A black former worker at Tesla’s Fremont, Calif., assembly plant has rejected a $15 million payout from the automaker in a lawsuit alleging racial abuse by co-workers. A judge gave the worker, Owen Diaz, two weeks to accept the award, which had been removed from the original jury verdict of $137 million.
Rather than being able to close the book on this one, Diaz’s rejection of the award will lead to a new lawsuit. Apart from this case, Tesla is in the midst of several lawsuits. More recently, two former Tesla employees filed a lawsuit alleging the automaker failed to provide the 60-day notice required by federal law during its recent round of layoffs. Other high-profile lawsuits include the California Department of Fair Employment and Housing’s case against the automaker for, again, racial discrimination and harassment at Tesla’s Fremont factory – a lawsuit that Tesla has filed. criticized as illegal and is trying to thwart .
In a filing in federal court in San Francisco, Diaz’s attorneys said the $15 million award was unfair and would not deter future wrongdoing by Tesla.
“In rejecting the excessive curtailment of the court by seeking a new trial, Mr. Diaz is again asking a jury of his peers to assess what Tesla did to him and provide just compensation for the torrent of racial slurs that were sent to him,” his lawyers said.
U.S. District Judge William Orrick had lowered the jury award in April. The judge also denied Tesla’s request for a new trial, as long as Diaz accepted the lower sentence, so it’s back in court for both sides.
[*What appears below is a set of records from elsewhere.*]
(* Let $n\geq 1$. For a Tamari interval diagram $(u,v)$ of size $n$, let $\chi(u,v)$ be the binary relation $\lhd$ on the set $\{x_1,\dots,x_n\}$ consisting exactly of the pairs $x_{i+l}\lhd x_i$ for all $i\in[n]$ and $0\leq l\leq u_i$, and the pairs $x_{i-k}\lhd x_i$ for all $i\in[n]$ and $0\leq k\leq v_i$. Then $\chi(u,v)$ is an interval-poset of size $n$, and the map $\chi$ is a bijection from $\mathcal{TID}_n$ (the set of Tamari interval diagrams of size $n$) to $\mathcal{IP}_n$ (the set of interval-posets of size $n$).
   Context: $[n]=\{1,\dots,n\}$. A Tamari diagram of size $n$ is a word $u=u_1\cdots u_n$ of integers with $0\leq u_i\leq n-i$ for all $i\in[n]$ and $u_{i+j}\leq u_i-j$ for all $i\in[n]$ and $0\leq j\leq u_i$. A dual Tamari diagram of size $n$ is a word $v=v_1\cdots v_n$ of integers with $0\leq v_i\leq i-1$ for all $i\in[n]$ and $v_{i-j}\leq v_i-j$ for all $i\in[n]$ and $0\leq j\leq v_i$. A Tamari diagram $u$ and a dual Tamari diagram $v$ of the same size $n$ are compatible if for all $1\leq i<j\leq n$ with $j-i\leq u_i$ one has $v_j<j-i$; a compatible pair $(u,v)$ is a Tamari interval diagram of size $n$. An interval-poset of size $n$ is a partial order $\lhd$ on $\{x_1,\dots,x_n\}$ such that for all $i<k$: if $x_k\lhd x_i$ then $x_j\lhd x_i$ for all $i<j<k$, and if $x_i\lhd x_k$ then $x_j\lhd x_k$ for all $i<j<k$. *)

From mathcomp Require Import all_boot.
Set Implicit Arguments. Unset Strict Implicit. Unset Printing Implicit Defensive.

(* Convention: a word w = w_1 ... w_n is a [seq nat] of size n, and the
   letter w_i (1 <= i <= n) is [nth 0 w (i - 1)].  The element x_i of
   {x_1,...,x_n} is the ordinal [i - 1 : 'I_n].  A binary relation on
   {x_1,...,x_n} is a finite set of pairs; (a, b) \in R means x_(a+1) <| x_(b+1). *)

Definition letter (w : seq nat) (i : nat) : nat := nth 0 w i.-1.

Definition tamari_diagram (n : nat) (u : seq nat) : Prop :=
  size u = n /\
  (forall i, 1 <= i <= n -> letter u i <= n - i) /\
  (forall i j, 1 <= i <= n -> j <= letter u i ->
     letter u (i + j) <= letter u i - j).

Definition dual_tamari_diagram (n : nat) (v : seq nat) : Prop :=
  size v = n /\
  (forall i, 1 <= i <= n -> letter v i <= i - 1) /\
  (forall i j, 1 <= i <= n -> j <= letter v i ->
     letter v (i - j) <= letter v i - j).

Definition compatible (n : nat) (u v : seq nat) : Prop :=
  forall i j, 1 <= i -> i < j -> j <= n -> j - i <= letter u i ->
    letter v j < j - i.

Definition tamari_interval_diagram (n : nat) (u v : seq nat) : Prop :=
  [/\ tamari_diagram n u, dual_tamari_diagram n v & compatible n u v].

Definition partial_order (n : nat) (R : {set 'I_n * 'I_n}) : Prop :=
  [/\ (forall x, (x, x) \in R),
      (forall x y, (x, y) \in R -> (y, x) \in R -> x = y) &
      (forall x y z, (x, y) \in R -> (y, z) \in R -> (x, z) \in R)].

Definition interval_poset (n : nat) (R : {set 'I_n * 'I_n}) : Prop :=
  partial_order R /\
  (forall i j k : 'I_n, i < j < k ->
     ((k, i) \in R -> (j, i) \in R) /\ ((i, k) \in R -> (j, k) \in R)).

Definition chi (n : nat) (u v : seq nat) : {set 'I_n * 'I_n} :=
  [set p : 'I_n * 'I_n |
     ((p.2 <= p.1) && (p.1 - p.2 <= letter u p.2.+1)) ||
     ((p.1 <= p.2) && (p.2 - p.1 <= letter v p.2.+1))].

From mathcomp Require Import all_boot zify.
Set Implicit Arguments. Unset Strict Implicit. Unset Printing Implicit Defensive.

(* The nesting conditions of the two diagrams make chi(u,v) transitive, and
   compatibility makes it antisymmetric.  Conversely, in an interval-poset the
   x_(i+l) below x_i, and likewise the x_(i-k) below x_i, form an interval
   starting at x_i, so the poset is determined by the lengths of these
   intervals; these lengths form a Tamari interval diagram, and reading them
   off chi(u,v) gives back (u,v). *)

Lemma in_chi n u v (a b : 'I_n) : ((a, b) \in chi n u v) =
  ((b <= a) && (a - b <= letter u b.+1)) || ((a <= b) && (b - a <= letter v b.+1)).
Proof. by rewrite inE. Qed.

Section ChiOfDiagram.
Variables (n : nat) (u v : seq nat).
Hypothesis tid : tamari_interval_diagram n u v.

Lemma u_bound b : b < n -> b + letter u b.+1 < n.
Proof. by case: tid => [[_ [hb _]] _ _] lt_bn; have := hb b.+1; lia. Qed.

Lemma v_bound b : b < n -> letter v b.+1 <= b.
Proof. by case: tid => [_ [_ [hb _]] _] lt_bn; have := hb b.+1; lia. Qed.

Lemma u_nested a b : a < n -> b <= a -> a - b <= letter u b.+1 ->
  letter u a.+1 <= letter u b.+1 - (a - b).
Proof.
case: tid => [[_ [_ h]] _ _] lt_an le_ba hab.
by have := h b.+1 (a - b); rewrite addSn subnKC //; apply; lia.
Qed.

Lemma v_nested a b : b < n -> a <= b -> b - a <= letter v b.+1 ->
  letter v a.+1 <= letter v b.+1 - (b - a).
Proof.
case: tid => [_ [_ [_ h]] _] lt_bn le_ab hab.
by have := h b.+1 (b - a); rewrite (subSn (leq_subr a b)) (subKn le_ab); apply; lia.
Qed.

Lemma uv_compatible a b : a < b -> b < n -> b - a <= letter u a.+1 ->
  letter v b.+1 < b - a.
Proof. by case: tid => [_ _ h] lt_ab lt_bn; have := h a.+1 b.+1; rewrite subSS; apply; lia. Qed.

Lemma chi_refl x : (x, x) \in chi n u v.
Proof. by rewrite in_chi subnn !leqnn. Qed.

Lemma chi_antisym x y : (x, y) \in chi n u v -> (y, x) \in chi n u v -> x = y.
Proof.
rewrite !in_chi => xy yx; apply: val_inj => /=.
have := @uv_compatible x y; have := @uv_compatible y x.
have := ltn_ord x; have := ltn_ord y; lia.
Qed.

Lemma chi_trans x y z :
  (x, y) \in chi n u v -> (y, z) \in chi n u v -> (x, z) \in chi n u v.
Proof.
rewrite !in_chi => xy yz.
have := @u_nested y z (ltn_ord y); have := @v_nested y z (ltn_ord z).
have := @uv_compatible y z; have := @uv_compatible z y.
have := ltn_ord x; have := ltn_ord y; have := ltn_ord z; lia.
Qed.

Lemma chi_interval_poset : interval_poset (chi n u v).
Proof.
split; first by split; [exact: chi_refl | exact: chi_antisym | exact: chi_trans].
by move=> i j k ijk; rewrite !in_chi; split=> ?; lia.
Qed.

End ChiOfDiagram.

Section DiagramIntro.
Variable n : nat.

Lemma tamari_diagram_intro u : size u = n ->
  (forall b, b < n -> b + letter u b.+1 < n) ->
  (forall b c, c < n -> b <= c -> c - b <= letter u b.+1 ->
     letter u c.+1 <= letter u b.+1 - (c - b)) ->
  tamari_diagram n u.
Proof.
move=> size_u bound nested; split=> //; split=> -[//|b].
- by move=> /andP[_ /bound]; lia.
- move=> j /andP[_ /bound lt_span] le_j.
  by rewrite addSn; have := nested b (b + j); rewrite addKn; apply; lia.
Qed.

Lemma dual_tamari_diagram_intro v : size v = n ->
  (forall b, b < n -> letter v b.+1 <= b) ->
  (forall b c, b < n -> c <= b -> b - c <= letter v b.+1 ->
     letter v c.+1 <= letter v b.+1 - (b - c)) ->
  dual_tamari_diagram n v.
Proof.
move=> size_v bound nested; split=> //; split=> -[//|b].
- by move=> /andP[_ /bound]; lia.
- move=> j /andP[_ lt_bn] le_j.
  have le_jb : j <= b by have := bound b lt_bn; lia.
  by rewrite subSn //; have := nested b (b - j); rewrite subKn //; apply; lia.
Qed.

Lemma compatible_intro u v :
  (forall b c, b < c -> c < n -> c - b <= letter u b.+1 -> letter v c.+1 < c - b) ->
  compatible n u v.
Proof. by move=> compat [//|b] [//|c] _ lt_bc lt_cn; rewrite subSS; apply: compat. Qed.

End DiagramIntro.

Section Spans.
Variables (n : nat) (R : {set 'I_n * 'I_n}).

(* The index b is a nat rather than an ordinal so that [mkseq (decr_span R) n]
   is a word; decr_span R b is the largest l with x_(b+1+l) <| x_(b+1). *)
Definition decr_span (b : nat) : nat :=
  \max_(p : 'I_n * 'I_n | [&& p.2 == b :> nat, p.2 <= p.1 & p \in R]) (p.1 - p.2).

Definition incr_span (b : nat) : nat :=
  \max_(p : 'I_n * 'I_n | [&& p.2 == b :> nat, p.1 <= p.2 & p \in R]) (p.2 - p.1).

Lemma decr_span_ge (a b : 'I_n) : b <= a -> (a, b) \in R -> a - b <= decr_span b.
Proof.
move=> le_ba ab; apply: (leq_bigmax_cond (a, b) (F := fun p : 'I_n * 'I_n => p.1 - p.2)).
by rewrite /= eqxx le_ba ab.
Qed.

Lemma incr_span_ge (a b : 'I_n) : a <= b -> (a, b) \in R -> b - a <= incr_span b.
Proof.
move=> le_ab ab; apply: (leq_bigmax_cond (a, b) (F := fun p : 'I_n * 'I_n => p.2 - p.1)).
by rewrite /= eqxx le_ab ab.
Qed.

Lemma decr_spanP (b : 'I_n) : (b, b) \in R ->
  exists2 a : 'I_n, b <= a & (a, b) \in R /\ decr_span b = a - b.
Proof.
move=> bb; have bb_cond : [&& (b, b).2 == b :> nat, b <= b & (b, b) \in R].
  by rewrite eqxx leqnn bb.
rewrite /decr_span (bigmax_eq_arg (b, b) bb_cond).
case: arg_maxnP => // -[a c] /and3P[/eqP /= /val_inj -> le_ba ab] _.
by exists a.
Qed.

Lemma incr_spanP (b : 'I_n) : (b, b) \in R ->
  exists2 a : 'I_n, a <= b & (a, b) \in R /\ incr_span b = b - a.
Proof.
move=> bb; have bb_cond : [&& (b, b).2 == b :> nat, b <= b & (b, b) \in R].
  by rewrite eqxx leqnn bb.
rewrite /incr_span (bigmax_eq_arg (b, b) bb_cond).
case: arg_maxnP => // -[a c] /and3P[/eqP /= /val_inj -> le_ab ab] _.
by exists a.
Qed.

End Spans.

Section IntervalPosetSpans.
Variables (n : nat) (R : {set 'I_n * 'I_n}).
Hypothesis ipR : interval_poset R.

Let refl_R x : (x, x) \in R. Proof. by case: ipR => -[]. Qed.

Lemma decr_span_bound (b : 'I_n) : b + decr_span R b < n.
Proof. by have [a le_ba [_ ->]] := decr_spanP (refl_R b); have := ltn_ord a; lia. Qed.

Lemma incr_span_bound (b : 'I_n) : incr_span R b <= b.
Proof. by have [a le_ab [_ ->]] := incr_spanP (refl_R b); lia. Qed.

Lemma decr_span_spec (a b : 'I_n) : b <= a -> ((a, b) \in R) = (a - b <= decr_span R b).
Proof.
move=> le_ba; apply/idP/idP => [|within_span]; first exact: decr_span_ge.
have [a0 le_ba0 [a0b span_eq]] := decr_spanP (refl_R b).
have [lt_ba | eq_ba] := ltnP b a; last first.
  by have -> : a = b by apply: ord_inj; lia.
have [lt_aa0 | le_a0a] := ltnP a a0; last first.
  by have -> : a = a0 by apply: ord_inj; lia.
have b_a_a0 : b < a < a0 by rewrite lt_ba lt_aa0.
by have [down _] := ipR.2 _ _ _ b_a_a0; exact: down.
Qed.

Lemma incr_span_spec (a b : 'I_n) : a <= b -> ((a, b) \in R) = (b - a <= incr_span R b).
Proof.
move=> le_ab; apply/idP/idP => [|within_span]; first exact: incr_span_ge.
have [a0 le_a0b [a0b span_eq]] := incr_spanP (refl_R b).
have [lt_ab | eq_ab] := ltnP a b; last first.
  by have -> : a = b by apply: ord_inj; lia.
have [lt_a0a | le_aa0] := ltnP a0 a; last first.
  by have -> : a = a0 by apply: ord_inj; lia.
have a0_a_b : a0 < a < b by rewrite lt_a0a lt_ab.
by have [_ up] := ipR.2 _ _ _ a0_a_b; exact: up.
Qed.

Lemma decr_span_nested (b c : 'I_n) : b <= c -> c - b <= decr_span R b ->
  decr_span R c <= decr_span R b - (c - b).
Proof.
move=> le_bc cb_span; have cb : (c, b) \in R by rewrite decr_span_spec.
have [a le_ca [ac ->]] := decr_spanP (refl_R c).
have ab : (a, b) \in R by case: ipR => -[_ _ trans] _; exact: trans cb.
by have := decr_span_ge (leq_trans le_bc le_ca) ab; lia.
Qed.

Lemma incr_span_nested (b c : 'I_n) : c <= b -> b - c <= incr_span R b ->
  incr_span R c <= incr_span R b - (b - c).
Proof.
move=> le_cb cb_span; have cb : (c, b) \in R by rewrite incr_span_spec.
have [a le_ac [ac ->]] := incr_spanP (refl_R c).
have ab : (a, b) \in R by case: ipR => -[_ _ trans] _; exact: trans cb.
by have := incr_span_ge (leq_trans le_ac le_cb) ab; lia.
Qed.

Lemma spans_compatible (b c : 'I_n) : b < c -> c - b <= decr_span R b ->
  incr_span R c < c - b.
Proof.
move=> lt_bc cb_span; rewrite ltnNge; apply/negP => bc_span.
have cb : (c, b) \in R by rewrite decr_span_spec //; exact: ltnW.
have bc : (b, c) \in R by rewrite incr_span_spec //; exact: ltnW.
by case: ipR => -[_ antisym _] _; move: lt_bc; rewrite (antisym _ _ bc cb) ltnn.
Qed.

End IntervalPosetSpans.

Definition decr_diagram n (R : {set 'I_n * 'I_n}) : seq nat := mkseq (decr_span R) n.
Definition incr_diagram n (R : {set 'I_n * 'I_n}) : seq nat := mkseq (incr_span R) n.

Lemma letter_mkseq (f : nat -> nat) n b : b < n -> letter (mkseq f n) b.+1 = f b.
Proof. exact: nth_mkseq. Qed.

Section Decoding.
Variables (n : nat) (R : {set 'I_n * 'I_n}).
Hypothesis ipR : interval_poset R.

Lemma diagrams_tamari_interval :
  tamari_interval_diagram n (decr_diagram R) (incr_diagram R).
Proof.
split.
- apply: tamari_diagram_intro => [|b lt_bn|b c lt_cn le_bc]; first exact: size_mkseq.
  + by rewrite letter_mkseq //; exact: (decr_span_bound ipR (Ordinal lt_bn)).
  + have lt_bn := leq_ltn_trans le_bc lt_cn.
    rewrite !letter_mkseq //.
    exact: (decr_span_nested ipR (b := Ordinal lt_bn) (c := Ordinal lt_cn)).
- apply: dual_tamari_diagram_intro => [|b lt_bn|b c lt_bn le_cb]; first exact: size_mkseq.
  + by rewrite letter_mkseq //; exact: (incr_span_bound ipR (Ordinal lt_bn)).
  + have lt_cn := leq_ltn_trans le_cb lt_bn.
    rewrite !letter_mkseq //.
    exact: (incr_span_nested ipR (b := Ordinal lt_bn) (c := Ordinal lt_cn)).
- apply: compatible_intro => b c lt_bc lt_cn.
  have lt_bn := ltn_trans lt_bc lt_cn.
  rewrite !letter_mkseq //.
  exact: (spans_compatible ipR (b := Ordinal lt_bn) (c := Ordinal lt_cn)).
Qed.

Lemma chi_diagrams : chi n (decr_diagram R) (incr_diagram R) = R.
Proof.
apply/setP=> -[a b]; rewrite in_chi !letter_mkseq //=.
case: (ltngtP a b) => [lt_ab | lt_ba | /val_inj ->].
- by rewrite (incr_span_spec ipR (ltnW lt_ab)); lia.
- by rewrite (decr_span_spec ipR (ltnW lt_ba)); lia.
- by case: ipR => -[-> _ _] _; lia.
Qed.

End Decoding.

Section DecodingChi.
Variables (n : nat) (u v : seq nat).
Hypothesis tid : tamari_interval_diagram n u v.

Lemma decr_span_chi (b : 'I_n) : decr_span (chi n u v) b = letter u b.+1.
Proof.
apply/eqP; rewrite eqn_leq; apply/andP; split.
- have [a le_ba [ab ->]] := decr_spanP (chi_refl u v b).
  by move: ab; rewrite in_chi; lia.
- have lt_an := u_bound tid (ltn_ord b).
  have := decr_span_ge (R := chi n u v) (a := Ordinal lt_an) (b := b); rewrite in_chi /=; lia.
Qed.

Lemma incr_span_chi (b : 'I_n) : incr_span (chi n u v) b = letter v b.+1.
Proof.
apply/eqP; rewrite eqn_leq; apply/andP; split.
- have [a le_ab [ab ->]] := incr_spanP (chi_refl u v b).
  by move: ab; rewrite in_chi; lia.
- have lt_an : b - letter v b.+1 < n by have := ltn_ord b; lia.
  have := v_bound tid (ltn_ord b).
  have := incr_span_ge (R := chi n u v) (a := Ordinal lt_an) (b := b); rewrite in_chi /=; lia.
Qed.

Lemma decr_diagram_chi : decr_diagram (chi n u v) = u.
Proof.
have [[size_u _] _ _] := tid.
apply: (@eq_from_nth _ 0); rewrite size_mkseq ?size_u // => b lt_bn.
by rewrite nth_mkseq // (decr_span_chi (Ordinal lt_bn)).
Qed.

Lemma incr_diagram_chi : incr_diagram (chi n u v) = v.
Proof.
have [_ [size_v _] _] := tid.
apply: (@eq_from_nth _ 0); rewrite size_mkseq ?size_v // => b lt_bn.
by rewrite nth_mkseq // (incr_span_chi (Ordinal lt_bn)).
Qed.

End DecodingChi.

Theorem theorem1p4 (n : nat) (hn : 1 <= n) :
  (forall u v, tamari_interval_diagram n u v -> interval_poset (chi n u v)) /\
  (forall u v u' v', tamari_interval_diagram n u v ->
     tamari_interval_diagram n u' v' -> chi n u v = chi n u' v' ->
     u = u' /\ v = v') /\
  (forall R : {set 'I_n * 'I_n}, interval_poset R ->
     exists u v, tamari_interval_diagram n u v /\ chi n u v = R).
Proof.
split; first exact: chi_interval_poset.
split=> [u v u' v' tid tid' chi_eq | R ipR].
- split.
  + by rewrite -(decr_diagram_chi tid) chi_eq (decr_diagram_chi tid').
  + by rewrite -(incr_diagram_chi tid) chi_eq (incr_diagram_chi tid').
- exists (decr_diagram R), (incr_diagram R).
  by split; [exact: diagrams_tamari_interval | exact: chi_diagrams].
Qed.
It’s a risky business for Diaz, who faces the possibility of even lower compensation from a new trial, not to mention the time and money for all parties that flow from a process. extended call.
“While the damages awarded in this case are extraordinary, judicial reductions in awards are not uncommon, both post-verdict and during the appeals process,” said Helen Rella, head of the Department of employment law from the law firm Wilk Auslander, at TechCrunch. . “The issue in this case, having set aside the reasonableness of the initial $137 million award, now becomes whether the drastic reduction in award to $15 million was reasonable and justifiable in relation to the sustained prejudice.”
Rella said the most likely outcome will be a negotiated resolution between the parties where a private settlement is reached and a payout that falls somewhere in the middle of the initial and reduced award.
Diaz is seeking compensatory and punitive damages from Tesla after alleging co-workers repeatedly called him racial slurs, drew caricatures and swastikas, and generally presented a hostile work environment over the past few years. nine months between 2015 and 2016 where he worked as an elevator operator at the factory.
Tesla didn’t respond to a request for comment, but in the past the automaker has responded to allegations of racial – and let’s not forget sexual – harassment, saying the company has policies in place to prevent and deal with professional misconduct. These sentiments do not appear to have swayed some investors, one of whom filed a complaint last week accusing Tesla CEO Elon Musk and the board of ignoring worker complaints and allowing a toxic workplace culture to flourish.
This article has been updated with information and a quote from Helen Rella, employment lawyer.